In the terms of its role in neurotoxicity and male fertility, Dpl has recently emerged as a potential regulator of vascular biology. Chen et al. showed that endothelial Prnd/Dpl is selectively expressed in angiogenic central nervous system (CNS) endothelial cells and is required for proper brain vessel morphogenesis and blood-brain barrier (BBB) formation [52], suggesting that Dpl plays a role in endothelial signaling pathways to regulate angiogenesis with barrier maturation. In other study, Dpl in tumor endothelial cells has been shown to promote pathological angiogenesis, and pharmacological targeting of the Dpl/VEGFR2 axis selectively suppresses tumor vascularization without affecting normal endothelial cells [53].
Future studies would be required for fully addressing Dpl in terms of prion-related cardiomyopathy. Comparative analyses of Prnd polymorphisms and Dpl expression in human cardiomyopathy cohorts, together with experimental modulation of Prnd in our Tg(OrPrP)Prnp0/0 mice, could contribute to understand whether Dpl play as role of modulator for cardiac disease. Such studies would compensate the recent information from the studies on Prnd variants in companion animals and livestock, which have already revealed species-specific associations between Prnd polymorphisms, and prion disease susceptibility [54,55]. Insights of comparative genetic knowledge on Prnd together with endothelial and myocardial Dpl function might establish a framework link of prion protein family proteins in the terms of vascular homeostasis and cardiomyopathy.

5. Conclusions

Neurodegenerative diseases, such as FA and PD, are frequently associated with cardiomyopathy. We describe a novel mouse model for cardiomyopathy, which was observed during the development of prion agent sensitive Tg mice. Specifically, it was expected that these mice express OrPrP ubiquitously, including in nerve cells, immune cell, and other cells using the β-actin promoter. Tg mouse models are an important resource for the development of cardiac pharmaceuticals for humans and animals. These mice are useful in safety testing before identifying effective measures for humans with underlying heart diseases. To identify new drugs, we require Tg mice, which show abnormal ECG waves. PMDs have been the focus of traditional studies on prion diseases. Understanding aggregation-induced toxicity, abnormal topology or altered trafficking are likely to be a major focus in future prion studies.

Author Contributions

Conceptualization, S.S., H.E., H.T., S.I. and T.O.; writing—original draft preparation, S.S.; writing—review and editing, S.S., A.S., H.E., H.T., S.I. and T.O. All authors have read and agreed to the published version of the manuscript.

Funding

This research received no external funding.
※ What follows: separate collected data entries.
(* Let $\tau$ be a signature with no function or constant symbols, and let $\varphi$ be a sentence of $\mathcal L_{\omega,\omega}(\tau)$. Let $T_\varphi:=\{\neg\,\vartheta_{\le n}(\varphi): n<\omega\}$, where each $\vartheta_{\le n}(\varphi)$ is taken as a first-order sentence of $\mathcal L_{\omega,\omega}(\tau)$ expressing it; thus $T_\varphi$ is a universal theory expressing that no submodel of size $\le n$, for any $n<\omega$, satisfies $\varphi$. Then the following are equivalent: (i) $\vartheta(\varphi)$ is expressible by a sentence of $\mathcal L_{\omega,\omega}(\tau)$; (ii) there is a $\Sigma^0_2$-sentence $\psi$ of $\mathcal L_{\omega,\omega}(\tau)$ such that $T_\varphi\vDash \varphi\leftrightarrow\psi$.
   Context: Models (structures) are nonempty. A submodel of a $\tau$-model $\mathfrak A$ is a substructure, i.e. a nonempty subset of the universe closed under the interpretations of all function and constant symbols of $\tau$, with the induced structure. $\mathcal L_{\omega,\omega}(\tau)$ is ordinary first-order logic with equality. For a sentence $\varphi$: $\mathfrak A\vDash\vartheta(\varphi)$ iff some submodel of $\mathfrak A$ satisfies $\varphi$. For a cardinal $n$, $\mathfrak A\vDash\vartheta_{\le n}(\varphi)$ iff some submodel of $\mathfrak A$ of cardinality $\le n$ satisfies $\varphi$. A property of $\tau$-models is expressible by a sentence $\chi$ if for every $\tau$-model $\mathfrak A$, $\mathfrak A$ has the property iff $\mathfrak A\vDash\chi$. A $\Sigma^0_2$-sentence is one in prenex form $\exists x_0\ldots\exists x_{k-1}\forall y_0\ldots\forall y_{l-1}\,\psi_0$ with $\psi_0$ quantifier-free. *)

From Stdlib Require Import List.
From mathcomp Require Import ssreflect ssrfun ssrbool eqtype ssrnat fintype.




Section FOL.
Variable Rel : Type.
Variable ar : Rel -> nat.
Theorem proposition4p5 (R : realType) (n : nat) (m : 'I_n -> nat)
  (P : forall i : 'I_n, 'M[R]_((m i).+1))
  (sigma : forall i : 'I_n, 'I_(m i).+1 -> R)
  (N : {set 'I_n}) (i1 : 'I_n) (p0 : 'I_n -> R)
  (U Dl : forall i : 'I_n, 'M[R]_((m i).+1)) :
  (forall i, stochastic (P i)) ->
  (forall i, irreducible (P i)) ->
  (forall i x, 0 < sigma i x) ->
  (forall i, \sum_x sigma i x = 1) ->
  (forall i, detailed_balance (sigma i) (P i)) ->
  i1 \in N -> (forall j, j \in N -> (i1 <= j)%N) ->
  (forall i, 0 < p0 i) -> \sum_i p0 i = 1 ->
  (forall k : 'I_n, (i1 < k)%N -> (P k)^T = P k) ->
  (forall i, is_diag_mx (Dl i)) ->
  (forall i, P i *m U i = U i *m Dl i) ->
  (forall i, (U i)^T *m diagm (sigma i) *m U i = 1%:M) ->
  (forall i x, U i x ord0 = 1) ->
  (forall i, Dl i ord0 ord0 = 1) ->
  let Pc := crested1 N p0 P in
  let Uc := crestedU N i1 sigma U in
  let Dc := crestedD sigma in
  let Deltac := crestedDelta N p0 Dl in
  ((* D is the diagonal matrix of a probability measure ... *)
      (forall x y, x != y -> Dc x y = 0) /\
      (forall x, 0 <= Dc x x) /\
      \sum_x Dc x x = 1 /\
      (* ... in detailed balance with P *)
      (forall x y, Dc x x * Pc x y = Dc y y * Pc y x) /\
      (* Delta is diagonal *)
      (forall x y, x != y -> Deltac x y = 0) /\
      fmmul Pc Uc = fmmul Uc Deltac /\
      fmmul (fmmul (fmtr Uc) Dc) Uc = @fmid R (prodsp m)).
Proof.
move=> P_stoch P_irr sigma_pos sigma_sum P_db _ i1_min _ _ P_sym Dl_diag PU U_orth U_col0 Dl00.
have sigma_unif (k : 'I_n) : (i1 < k)%N -> forall a b, sigma k a = sigma k b.
  by move=> i1k; apply: sym_detailed_balance_const (P_db k) (P_sym k i1k) (P_irr k).
move=> Pc Uc Dc Deltac.
split; first exact: crestedD_offdiag.
split; first by move=> x; rewrite /Dc crestedD_diagE; apply/prodr_ge0 => i _; apply/ltW.
split; first by rewrite /Dc sum_crestedD; apply: big1.
split; first exact: crested1_detailed_balance i1_min sigma_unif P_db.
split; first exact: crestedDelta_offdiag.
split; first exact: crested1_eigen.
exact: crestedU_orthonormal.
Qed.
Institutional Review Board Statement

The animal study protocol was submitted to the Institutional Review Board of the University of Tokyo (notification code: 1818T0061; May 15, 2006).
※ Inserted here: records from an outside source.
(* Let $n\ge1$ and let $\Sigma=\begin{bmatrix}\Sigma_{11}&\Sigma_{12}\\\Sigma_{12}&\Sigma_{22}\end{bmatrix}$ be a positive definite $2\times2$ matrix with $cn\le\lambda_{\min}(\Sigma)\le\lambda_{\max}(\Sigma)\le Cn$ for constants $0<c\le C$. Let $Z\sim N(\mu,\Sigma)$ with $\mu=(\mu_1,\mu_2)$, let $r\ge1$ and $t=r\sqrt n$. Then $$\mathbb P\big(Z\in(-\infty,\mu_1-t]\times(-\infty,\mu_2-t]\big)\ge\alpha_r(c,C):=\big(\Phi(a)-\Phi(2a)\big)\,\Phi\!\Big(\frac{a(1+2\rho_0)}{\sqrt{1-\rho_0^2}}\Big),$$ where $a=-r/\sqrt c$ and $\rho_0=\sqrt{1-(c/C)^2}$.
   Context: $\Phi(t)=\frac1{\sqrt{2\pi}}\int_{-\infty}^te^{-x^2/2}dx$ is the standard normal distribution function; $\lambda_{\min},\lambda_{\max}$ are the smallest and largest eigenvalues; $N(\mu,\Sigma)$ is the bivariate Gaussian with mean $\mu$ and covariance $\Sigma$. *)

From HB Require Import structures.
From mathcomp Require Import all_boot all_order all_algebra.
From mathcomp Require Import all_classical all_reals all_analysis.
Set Implicit Arguments. Unset Strict Implicit. Unset Printing Implicit Defensive.
Import Order.TTheory GRing.Theory Num.Theory.
Local Open Scope classical_set_scope.
Local Open Scope ring_scope.

Definition Phi {R : realType} (t : R) : R :=
  fine (normal_prob 0 1 `]-oo, t]).

Definition vec2 {R : realType} (z : R * R) : 'rV[R]_2 :=
  \row_(i < 2) (if i == ord0 then z.1 else z.2).

Definition bivariate_normal_pdf {R : realType} (mu : 'rV[R]_2) (Sigma : 'M[R]_2)
    (z : R * R) : R :=
  let v := vec2 z - mu in
  expR (- ((v *m invmx Sigma *m v^T) ord0 ord0) / 2)
    / (pi *+ 2 * Num.sqrt (\det Sigma)).

Definition bivariate_normal_prob {R : realType} (mu : 'rV[R]_2) (Sigma : 'M[R]_2)
    (A : set (R * R)) : \bar R :=
  (\int[((@lebesgue_measure R) \x (@lebesgue_measure R))%E]_(z in A)
      (bivariate_normal_pdf mu Sigma z)%:E)%E.

Definition posdef {R : realType} (Sigma : 'M[R]_2) : Prop :=
  Sigma^T = Sigma /\ forall v : 'rV[R]_2, v != 0 -> 0 < (v *m Sigma *m v^T) ord0 ord0.

From HB Require Import structures.
From mathcomp Require Import all_boot all_order all_algebra.
From mathcomp Require Import all_classical all_reals all_analysis.
From mathcomp Require Import ring lra measurable_realfun.
Set Implicit Arguments.
Unset Strict Implicit.
Unset Printing Implicit Defensive.
Import Order.TTheory GRing.Theory Num.Theory.
Import numFieldNormedType.Exports.
Local Open Scope classical_set_scope.
Local Open Scope ring_scope.

(* Write Z = (X, Y).  Given X = x, Y is normal with mean mu2 + beta (x - mu1),
   beta = Sigma12 / Sigma11, and variance s^2 = det Sigma / Sigma11, so by Tonelli
   the probability of the quadrant is the integral over x <= mu1 - t of the density
   of X times Phi ((-t - beta (x - mu1)) / s).  Keep only the window
   mu1 + 2 a sigma1 < x <= mu1 + a sigma1 (sigma1^2 = Sigma11): it has X-probability
   Phi a - Phi (2 a), and lies below mu1 - t since Sigma11 >= c n.  The eigenvalue
   bounds give sqrt (c n) (c/C) <= s and |beta| sigma1 <= rho0 s / (c/C), so on the
   window the conditional threshold is at least a (1 + 2 rho0) / (c/C), and
   c/C = sqrt (1 - rho0^2). *)

Section normal_cdf.
Variable R : realType.
Implicit Types m s x y : R.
Informed Consent Statement

Not applicable.

Data Availability Statement

The original contributions presented in this study are included in the article. Further inquiries can be directed to the corresponding authors.

Acknowledgments

Major thanks are due to Director Prof. Toru Miyazaki (The Institute for AIM Medicine, Shinjuku 162-0054, Tokyo, Japan) for his intensive discussion of Tg mice developments. We would like to express our gratitude to Drs. Yoshitsugu Matsumoto and Keiichi Saeki (Department of Molecular Immunology, School of Agriculture and Life Sciences, the University of Tokyo, Tokyo, Japan) for many helpful discussions and advice throughout this work.

Conflicts of Interest

The authors declare no competing interests.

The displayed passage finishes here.